» WHAT YOU NEED TO DO: Nothing is needed except the lines below that run from the one with "(((a u).1 == (a w).1)" through the one with "if n is n'.+1 then", repeated exactly.
========
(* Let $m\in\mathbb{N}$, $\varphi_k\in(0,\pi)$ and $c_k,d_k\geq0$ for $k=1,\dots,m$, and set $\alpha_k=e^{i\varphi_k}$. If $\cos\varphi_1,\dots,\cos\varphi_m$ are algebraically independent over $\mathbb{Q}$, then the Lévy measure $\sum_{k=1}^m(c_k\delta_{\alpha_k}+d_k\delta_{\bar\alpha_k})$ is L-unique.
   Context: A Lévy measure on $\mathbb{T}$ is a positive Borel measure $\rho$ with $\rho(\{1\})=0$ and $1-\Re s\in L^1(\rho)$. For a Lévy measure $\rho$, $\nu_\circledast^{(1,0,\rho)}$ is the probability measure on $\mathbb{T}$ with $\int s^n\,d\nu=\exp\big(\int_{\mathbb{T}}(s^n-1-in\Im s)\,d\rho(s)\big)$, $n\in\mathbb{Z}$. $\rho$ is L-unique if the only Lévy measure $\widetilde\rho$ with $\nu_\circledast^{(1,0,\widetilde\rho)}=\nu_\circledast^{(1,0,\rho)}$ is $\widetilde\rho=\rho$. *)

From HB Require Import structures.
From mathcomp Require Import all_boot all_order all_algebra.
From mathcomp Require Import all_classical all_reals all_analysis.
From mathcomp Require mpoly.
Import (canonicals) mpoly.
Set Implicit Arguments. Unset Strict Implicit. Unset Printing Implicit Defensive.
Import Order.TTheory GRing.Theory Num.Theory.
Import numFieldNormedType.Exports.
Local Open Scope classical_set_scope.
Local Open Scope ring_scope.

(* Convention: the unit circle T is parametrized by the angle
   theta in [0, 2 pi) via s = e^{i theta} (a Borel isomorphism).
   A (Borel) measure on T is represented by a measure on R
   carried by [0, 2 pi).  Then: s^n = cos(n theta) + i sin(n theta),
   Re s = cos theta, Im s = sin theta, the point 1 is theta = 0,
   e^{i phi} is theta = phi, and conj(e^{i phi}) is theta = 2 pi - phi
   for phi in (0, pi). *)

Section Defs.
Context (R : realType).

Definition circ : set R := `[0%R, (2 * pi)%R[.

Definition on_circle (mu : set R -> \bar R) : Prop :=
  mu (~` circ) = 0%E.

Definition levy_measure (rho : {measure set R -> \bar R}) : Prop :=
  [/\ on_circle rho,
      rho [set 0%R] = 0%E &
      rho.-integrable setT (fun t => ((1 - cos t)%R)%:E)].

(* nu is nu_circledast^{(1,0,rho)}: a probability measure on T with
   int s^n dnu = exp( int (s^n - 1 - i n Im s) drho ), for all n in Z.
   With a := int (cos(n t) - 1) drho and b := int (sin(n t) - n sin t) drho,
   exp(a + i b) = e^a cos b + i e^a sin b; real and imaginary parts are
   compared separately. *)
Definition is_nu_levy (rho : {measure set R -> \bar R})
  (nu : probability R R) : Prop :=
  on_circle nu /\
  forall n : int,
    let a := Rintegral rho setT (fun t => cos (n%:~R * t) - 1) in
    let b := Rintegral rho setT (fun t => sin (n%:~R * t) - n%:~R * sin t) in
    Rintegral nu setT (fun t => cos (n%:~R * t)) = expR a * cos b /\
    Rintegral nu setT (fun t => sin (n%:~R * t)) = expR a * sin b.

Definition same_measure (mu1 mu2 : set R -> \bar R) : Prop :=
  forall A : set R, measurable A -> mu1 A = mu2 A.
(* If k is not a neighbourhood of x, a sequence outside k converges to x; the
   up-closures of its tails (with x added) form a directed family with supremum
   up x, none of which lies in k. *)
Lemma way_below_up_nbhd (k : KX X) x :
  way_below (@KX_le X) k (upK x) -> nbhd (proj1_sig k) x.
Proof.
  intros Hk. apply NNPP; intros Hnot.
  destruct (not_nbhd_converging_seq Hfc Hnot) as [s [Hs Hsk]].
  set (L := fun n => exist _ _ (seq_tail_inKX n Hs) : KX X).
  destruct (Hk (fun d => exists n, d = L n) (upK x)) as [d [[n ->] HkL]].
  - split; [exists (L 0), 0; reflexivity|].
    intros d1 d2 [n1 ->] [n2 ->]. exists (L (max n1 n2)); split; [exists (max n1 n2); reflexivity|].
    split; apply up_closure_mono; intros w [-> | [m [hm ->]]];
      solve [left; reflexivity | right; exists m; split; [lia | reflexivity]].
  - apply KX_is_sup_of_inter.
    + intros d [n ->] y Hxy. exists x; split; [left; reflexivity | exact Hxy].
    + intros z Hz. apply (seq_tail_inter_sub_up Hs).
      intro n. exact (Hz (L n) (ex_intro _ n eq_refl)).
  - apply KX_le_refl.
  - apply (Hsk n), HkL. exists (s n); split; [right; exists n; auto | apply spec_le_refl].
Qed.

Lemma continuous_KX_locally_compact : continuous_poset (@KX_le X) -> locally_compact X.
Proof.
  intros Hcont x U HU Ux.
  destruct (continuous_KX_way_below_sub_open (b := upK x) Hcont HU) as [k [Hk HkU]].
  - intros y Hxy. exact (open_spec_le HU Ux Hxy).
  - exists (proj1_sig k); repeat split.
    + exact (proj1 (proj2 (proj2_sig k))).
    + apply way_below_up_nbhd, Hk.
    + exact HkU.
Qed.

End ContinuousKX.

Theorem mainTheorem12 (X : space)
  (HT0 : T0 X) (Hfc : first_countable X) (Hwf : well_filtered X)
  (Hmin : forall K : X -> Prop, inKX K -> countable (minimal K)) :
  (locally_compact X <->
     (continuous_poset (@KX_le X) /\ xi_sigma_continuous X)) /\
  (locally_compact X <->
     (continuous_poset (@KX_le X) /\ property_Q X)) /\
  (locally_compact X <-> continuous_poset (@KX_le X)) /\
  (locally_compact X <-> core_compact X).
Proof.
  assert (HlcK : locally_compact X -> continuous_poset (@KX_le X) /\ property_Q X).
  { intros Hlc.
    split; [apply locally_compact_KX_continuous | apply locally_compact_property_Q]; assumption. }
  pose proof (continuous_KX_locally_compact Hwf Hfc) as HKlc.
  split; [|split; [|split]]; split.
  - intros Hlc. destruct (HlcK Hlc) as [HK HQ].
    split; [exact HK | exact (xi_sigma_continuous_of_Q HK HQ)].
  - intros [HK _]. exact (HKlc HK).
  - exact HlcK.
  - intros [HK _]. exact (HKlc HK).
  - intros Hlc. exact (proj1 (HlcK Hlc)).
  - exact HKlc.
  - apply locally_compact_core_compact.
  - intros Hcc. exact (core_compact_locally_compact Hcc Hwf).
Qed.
========
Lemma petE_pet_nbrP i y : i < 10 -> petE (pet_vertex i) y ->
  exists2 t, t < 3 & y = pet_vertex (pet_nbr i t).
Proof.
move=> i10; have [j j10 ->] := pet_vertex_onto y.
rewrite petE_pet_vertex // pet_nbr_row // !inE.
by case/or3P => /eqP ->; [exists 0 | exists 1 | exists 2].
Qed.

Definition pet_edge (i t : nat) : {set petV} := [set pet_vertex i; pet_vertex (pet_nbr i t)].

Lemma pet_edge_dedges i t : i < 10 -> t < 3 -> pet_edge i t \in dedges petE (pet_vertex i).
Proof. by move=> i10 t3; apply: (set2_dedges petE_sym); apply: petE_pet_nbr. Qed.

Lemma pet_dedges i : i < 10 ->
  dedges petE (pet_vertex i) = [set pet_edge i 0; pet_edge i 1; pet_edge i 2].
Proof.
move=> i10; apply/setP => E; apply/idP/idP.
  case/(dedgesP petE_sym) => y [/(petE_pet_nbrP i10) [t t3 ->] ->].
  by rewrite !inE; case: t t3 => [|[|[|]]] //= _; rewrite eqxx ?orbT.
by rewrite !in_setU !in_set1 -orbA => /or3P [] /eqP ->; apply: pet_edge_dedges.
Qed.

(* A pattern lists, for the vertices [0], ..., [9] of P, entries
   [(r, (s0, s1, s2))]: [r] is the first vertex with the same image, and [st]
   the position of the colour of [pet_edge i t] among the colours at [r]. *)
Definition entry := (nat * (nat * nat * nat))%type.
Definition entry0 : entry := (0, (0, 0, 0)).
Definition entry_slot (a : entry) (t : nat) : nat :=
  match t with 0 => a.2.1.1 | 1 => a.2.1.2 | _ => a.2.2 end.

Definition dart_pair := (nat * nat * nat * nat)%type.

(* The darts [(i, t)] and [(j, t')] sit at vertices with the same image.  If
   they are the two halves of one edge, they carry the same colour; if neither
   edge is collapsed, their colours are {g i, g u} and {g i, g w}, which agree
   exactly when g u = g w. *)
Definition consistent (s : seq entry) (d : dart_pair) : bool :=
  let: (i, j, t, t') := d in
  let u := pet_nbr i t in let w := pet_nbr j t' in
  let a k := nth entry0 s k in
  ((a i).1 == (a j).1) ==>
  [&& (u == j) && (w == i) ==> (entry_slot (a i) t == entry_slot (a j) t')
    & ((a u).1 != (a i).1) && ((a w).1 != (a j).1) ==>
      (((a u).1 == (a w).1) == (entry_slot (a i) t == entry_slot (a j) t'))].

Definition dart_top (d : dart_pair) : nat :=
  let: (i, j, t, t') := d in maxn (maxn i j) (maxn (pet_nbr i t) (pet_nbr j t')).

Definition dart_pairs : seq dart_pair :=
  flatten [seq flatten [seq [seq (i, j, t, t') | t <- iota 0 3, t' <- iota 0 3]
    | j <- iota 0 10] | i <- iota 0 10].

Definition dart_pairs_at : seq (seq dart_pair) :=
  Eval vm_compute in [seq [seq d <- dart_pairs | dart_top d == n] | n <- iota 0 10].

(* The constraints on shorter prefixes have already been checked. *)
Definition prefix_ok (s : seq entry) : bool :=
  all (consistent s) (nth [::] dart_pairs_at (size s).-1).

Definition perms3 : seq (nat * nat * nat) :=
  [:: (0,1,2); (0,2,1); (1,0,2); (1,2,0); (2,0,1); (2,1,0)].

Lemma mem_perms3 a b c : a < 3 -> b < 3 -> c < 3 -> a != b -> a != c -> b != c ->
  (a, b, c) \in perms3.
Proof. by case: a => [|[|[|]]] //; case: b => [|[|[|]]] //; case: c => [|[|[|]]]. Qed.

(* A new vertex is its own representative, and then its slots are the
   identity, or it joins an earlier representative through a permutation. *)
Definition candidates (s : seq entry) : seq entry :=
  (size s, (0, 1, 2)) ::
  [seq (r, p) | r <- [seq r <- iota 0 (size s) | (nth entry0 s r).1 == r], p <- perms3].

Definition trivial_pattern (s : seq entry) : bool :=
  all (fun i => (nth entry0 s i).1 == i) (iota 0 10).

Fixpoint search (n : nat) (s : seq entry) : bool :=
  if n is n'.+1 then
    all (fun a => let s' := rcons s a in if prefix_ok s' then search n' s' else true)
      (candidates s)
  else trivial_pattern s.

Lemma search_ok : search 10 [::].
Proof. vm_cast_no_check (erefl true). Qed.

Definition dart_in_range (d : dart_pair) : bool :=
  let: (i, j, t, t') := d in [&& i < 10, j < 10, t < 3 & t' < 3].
========
» RESPONSE:
      (((a u).1 == (a w).1) == (entry_slot (a i) t == entry_slot (a j) t'))].

Definition dart_top (d : dart_pair) : nat :=
  let: (i, j, t, t') := d in maxn (maxn i j) (maxn (pet_nbr i t) (pet_nbr j t')).

Definition dart_pairs : seq dart_pair :=
  flatten [seq flatten [seq [seq (i, j, t, t') | t <- iota 0 3, t' <- iota 0 3]
    | j <- iota 0 10] | i <- iota 0 10].

Definition dart_pairs_at : seq (seq dart_pair) :=
  Eval vm_compute in [seq [seq d <- dart_pairs | dart_top d == n] | n <- iota 0 10].

(* The constraints on shorter prefixes have already been checked. *)
Definition prefix_ok (s : seq entry) : bool :=
  all (consistent s) (nth [::] dart_pairs_at (size s).-1).

Definition perms3 : seq (nat * nat * nat) :=
  [:: (0,1,2); (0,2,1); (1,0,2); (1,2,0); (2,0,1); (2,1,0)].

Lemma mem_perms3 a b c : a < 3 -> b < 3 -> c < 3 -> a != b -> a != c -> b != c ->
  (a, b, c) \in perms3.
Proof. by case: a => [|[|[|]]] //; case: b => [|[|[|]]] //; case: c => [|[|[|]]]. Qed.

(* A new vertex is its own representative, and then its slots are the
   identity, or it joins an earlier representative through a permutation. *)
Definition candidates (s : seq entry) : seq entry :=
  (size s, (0, 1, 2)) ::
  [seq (r, p) | r <- [seq r <- iota 0 (size s) | (nth entry0 s r).1 == r], p <- perms3].

Definition trivial_pattern (s : seq entry) : bool :=
  all (fun i => (nth entry0 s i).1 == i) (iota 0 10).

Fixpoint search (n : nat) (s : seq entry) : bool :=
  if n is n'.+1 then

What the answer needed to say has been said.